Количество страхов росло в геометрической прогрессии. Я читала газеты, смотрела телевизор и понимала: без чрезвычайных мер моей дочери не выжить, её непременно что-нибудь погубит. Прививки, которые, оказывается, калечат детей, сальмонеллёз в каждом курином яйце, московский воздух, пропитанный смертельной для ребёнка дозой выхлопов, угрожающее множество маньяков-педофилов, победное шествие СПИДа по планете... И к этому всё ухудшающаяся ситуация в наших магазинах: ни еды нормальной, ни одёжки для детей, даже игрушки стали пропадать из продажи. Я должна была изменить эту ситуацию! Я — мать, и любой ценой обязана защитить своё дитя и обеспечить его всем необходимым. Вот я и билась, как птичка в клетке, в этой неразрешимой ситуации, живущей внутри меня.

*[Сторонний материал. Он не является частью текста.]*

(* Let $M_1=(E,r_1)$ and $M_2=(E,r_2)$ be demi-matroids. Then $\mathcal{E}_{M_1}\subseteq\mathcal{E}_{M_2}\iff \mathcal{E}_{M_2^*}\subseteq\mathcal{E}_{M_1^*}\iff \mathcal{E}_{\overline{M_1}}\subseteq\mathcal{E}_{\overline{M_2}}.$
   Context: A demi-matroid is a pair $(E,r)$ with $E$ finite and $r:2^E\to\mathbb{N}$ satisfying $r(\emptyset)=0$ and $r(X)\le r(X\cup\{x\})\le r(X)+1$ for all $X\subseteq E$, $x\in E$. For a demi-matroid $M=(E,r)$: its (first) dual is $M^*=(E,r^* )$ with $r^*(X)=|X|+r(E\setminus X)-r(E)$; its supplement (second) dual is $\overline{M}=(E,\overline{r})$ with $\overline{r}(X)=r(E)-r(E\setminus X)$; both are demi-matroids. Also $\mathcal{E}_M=\{(X,x): X\subseteq E,\ x\in X,\ r(X\setminus\{x\})=r(X)\}$. *)

From mathcomp Require Import all_boot.
Set Implicit Arguments.
Unset Strict Implicit.
Unset Printing Implicit Defensive.

(* A demi-matroid on a finite ground set E is given by a rank function
   r : {set E} -> nat (the ground set is the whole finType E). *)
Definition demi_matroid (E : finType) (r : {set E} -> nat) : Prop :=
  r set0 = 0 /\
  forall (X : {set E}) (x : E), r X <= r (x |: X) <= (r X).+1.

(* first dual: r*(X) = |X| + r(E \ X) - r(E)  (nonnegative for demi-matroids) *)
Definition dual_rank (E : finType) (r : {set E} -> nat) : {set E} -> nat :=
  fun X => #|X| + r (~: X) - r setT.

Definition supp_rank (E : finType) (r : {set E} -> nat) : {set E} -> nat :=
  fun X => r setT - r (~: X).

Definition inE_M (E : finType) (r : {set E} -> nat) (X : {set E}) (x : E) : Prop :=
  x \in X /\ r (X :\ x) = r X.

Definition E_subset (E : finType) (r1 r2 : {set E} -> nat) : Prop :=
  forall (X : {set E}) (x : E), inE_M r1 X x -> inE_M r2 X x.

(* Write Y := x |: ~: X for x \in X.  The map (X, x) |-> (Y, x) is an involution
   on pairs with x \in X, and both duals read membership of (X, x) off the
   single rank jump r Y - r (~: X) \in {0, 1} of the original rank function:
   (X, x) lies in E of the supplement dual iff (Y, x) lies in E_M, and in E of
   the first dual iff it does not.  Hence the supplement dual transports the
   inclusion E_M1 \subset E_M2 along the involution, while the first dual
   transports its contrapositive, which reverses it. *)

From mathcomp Require Import all_boot.
From mathcomp Require Import zify.

Set Implicit Arguments.
Unset Strict Implicit.
Unset Printing Implicit Defensive.

Lemma inE_MP (E : finType) (r : {set E} -> nat) (X : {set E}) (x : E) :
  reflect (inE_M r X x) ((x \in X) && (r (X :\ x) == r X)).
Proof. by apply: (iffP andP) => -[xX /eqP]. Qed.

Lemma setCD1 (E : finType) (X : {set E}) (x : E) : ~: (X :\ x) = x |: ~: X.
Proof. by apply/setP => y; rewrite !inE negb_and negbK. Qed.

Lemma setU1CK (E : finType) (X : {set E}) (x : E) :
  x \in X -> x |: ~: (x |: ~: X) = X.
Proof. by move=> xX; rewrite -(setCD1 X x) setCK setD1K. Qed.

Lemma inE_M_setU1C (E : finType) (r : {set E} -> nat) (X : {set E}) (x : E) :
  x \in X -> inE_M r (x |: ~: X) x <-> r (x |: ~: X) = r (~: X).
Proof.
move=> xX; have xCX : x \notin ~: X by rewrite inE negbK.
by rewrite /inE_M setU1K // setU11; split=> [[_ <-] | ->].
Qed.

Lemma E_subset_setU1C (E : finType) (r1 r2 : {set E} -> nat) :
  E_subset r1 r2 <->
  forall (X : {set E}) x, x \in X -> inE_M r1 (x |: ~: X) x -> inE_M r2 (x |: ~: X) x.
Proof.
split=> [sub12 X x _ | sub12 X x [xX eq1]]; first exact: sub12.
by rewrite -(setU1CK xX); apply: sub12; rewrite ?setU11 // setU1CK.
Qed.

Section DemiMatroid.
Variables (E : finType) (r : {set E} -> nat).
Hypothesis r_demi : demi_matroid r.

Lemma rank_setU1 X x : r X <= r (x |: X) <= (r X).+1.
Proof. exact: r_demi.2. Qed.

Lemma rank_setU_seq (A : {set E}) (s : seq E) :
  r A <= r (A :|: [set x in s]) <= r A + size s.
Proof.
elim: s => [|y s IHs] /=.
  by rewrite addn0 (_ : [set x in [::]] = set0) ?setU0 ?leqnn //; apply/setP => x.
have -> : A :|: [set x in y :: s] = y |: (A :|: [set x in s]).
  by apply/setP => x; rewrite !inE orbCA.
by move: IHs (rank_setU1 (A :|: [set x in s]) y); lia.
Qed.

Lemma rank_subset (A B : {set E}) : A \subset B -> r A <= r B <= r A + #|B :\: A|.
Proof.
move=> sAB; have defB : A :|: (B :\: A) = B.
  by rewrite -[RHS](setID B A) (setIidPr sAB).
by rewrite -[in r B]defB -[X in r (_ :|: X)]set_enum cardE rank_setU_seq.
Qed.

Lemma rank_le_setT X : r X <= r setT.
Proof. by case/andP: (rank_subset (subsetT X)). Qed.

Lemma rank_setT_le X : r setT <= r (~: X) + #|X|.
Proof. by case/andP: (rank_subset (subsetT (~: X))); rewrite setTD setCK. Qed.

Lemma inE_supp_rank X x :
  inE_M (supp_rank r) X x <-> x \in X /\ inE_M r (x |: ~: X) x.
Proof.
split=> -[xX eqX]; split=> //; move: eqX; rewrite inE_M_setU1C //.
all: rewrite /supp_rank setCD1.
all: by move: (rank_le_setT (x |: ~: X)) (rank_le_setT (~: X)); lia.
Qed.

Lemma inE_dual_rank X x :
  inE_M (dual_rank r) X x <-> x \in X /\ ~ inE_M r (x |: ~: X) x.
Proof.
split=> -[xX eqX]; split=> //; move: eqX; rewrite inE_M_setU1C //.
all: rewrite /dual_rank setCD1.
all: move: (cardsD1 x X) (rank_setT_le X) (rank_setT_le (X :\ x)).
all: by rewrite xX setCD1; move: (rank_setU1 (~: X) x); lia.
Qed.

End DemiMatroid.

Section TwoDemiMatroids.
Variables (E : finType) (r1 r2 : {set E} -> nat).
Hypotheses (r1_demi : demi_matroid r1) (r2_demi : demi_matroid r2).

Lemma E_subset_supp_rank :
  E_subset r1 r2 <-> E_subset (supp_rank r1) (supp_rank r2).
Proof.
rewrite E_subset_setU1C; split=> sub12 X x.
- by rewrite (inE_supp_rank r1_demi) (inE_supp_rank r2_demi) => -[xX /(sub12 _ _ xX)].
- move=> xX in1; move: (sub12 X x).
  by rewrite (inE_supp_rank r1_demi) (inE_supp_rank r2_demi) => /(_ (conj xX in1))[].
Qed.

Lemma E_subset_dual_rank :
  E_subset r1 r2 <-> E_subset (dual_rank r2) (dual_rank r1).
Proof.
rewrite E_subset_setU1C; split=> sub12 X x.
- rewrite (inE_dual_rank r2_demi) (inE_dual_rank r1_demi) => -[xX not2].
  by split=> // in1; apply/not2/sub12.
- move=> xX in1; case: (inE_MP r2 (x |: ~: X) x) => // not2; move: (sub12 X x).
  rewrite (inE_dual_rank r2_demi) (inE_dual_rank r1_demi) => /(_ (conj xX not2)).
  by case=> _ [].
Qed.

End TwoDemiMatroids.

Theorem mainTheorem6 (E : finType) (r1 r2 : {set E} -> nat) :
  demi_matroid r1 -> demi_matroid r2 ->
  (E_subset r1 r2 <-> E_subset (dual_rank r2) (dual_rank r1)) /\
  (E_subset (dual_rank r2) (dual_rank r1) <->
     E_subset (supp_rank r1) (supp_rank r2)).
Proof.
move=> r1_demi r2_demi.
have := E_subset_dual_rank r1_demi r2_demi.
have := E_subset_supp_rank r1_demi r2_demi.
tauto.
Qed.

В то же время в моей голове всё ещё существовал и был не побеждён вполне тренированный ум и почти нетронутая болезнью логика. Они в полном противоречии со всем остальным раздраем, творящимся в организме, старались, лапочки мои, перекричать этот ор болезни, и иногда я слышала их взывания: «Ты просто больна! Это всё не так, неправда, это болезнь тебя в зубах таскает! Спаси себя! Спаси, между прочим, нас. Пока мы ещё можем тебе что-то подсказать, но, если так пойдёт, нам заткнут рот окончательно!»
Я прислушивалась к этим слабеющим голосам. Но медико-врачебные резервы были исчерпаны. У меня же в семье были медики: братец и его Мурочка! Но, видимо, с маминой подачи они относились к моим страданиям так же, как она, и помощи не предлагали. Сказать честно, Сашка ни разу за весь этот тяжёлый период даже не позвонил мне, чтобы элементарно спросить: «Как ты себя чувствуешь, сестра?». Такой вот братик у меня был... Впрочем, я знаю доподлинно (а этого никто и не оспаривал никогда), что всю погоду во взаимоотношениях в нашей семейке делала мама. И если уж она постановила, что я «дурю», а не болею, значит, это принималось всеми безоговорочно, как, к примеру, закон сохранения энергии.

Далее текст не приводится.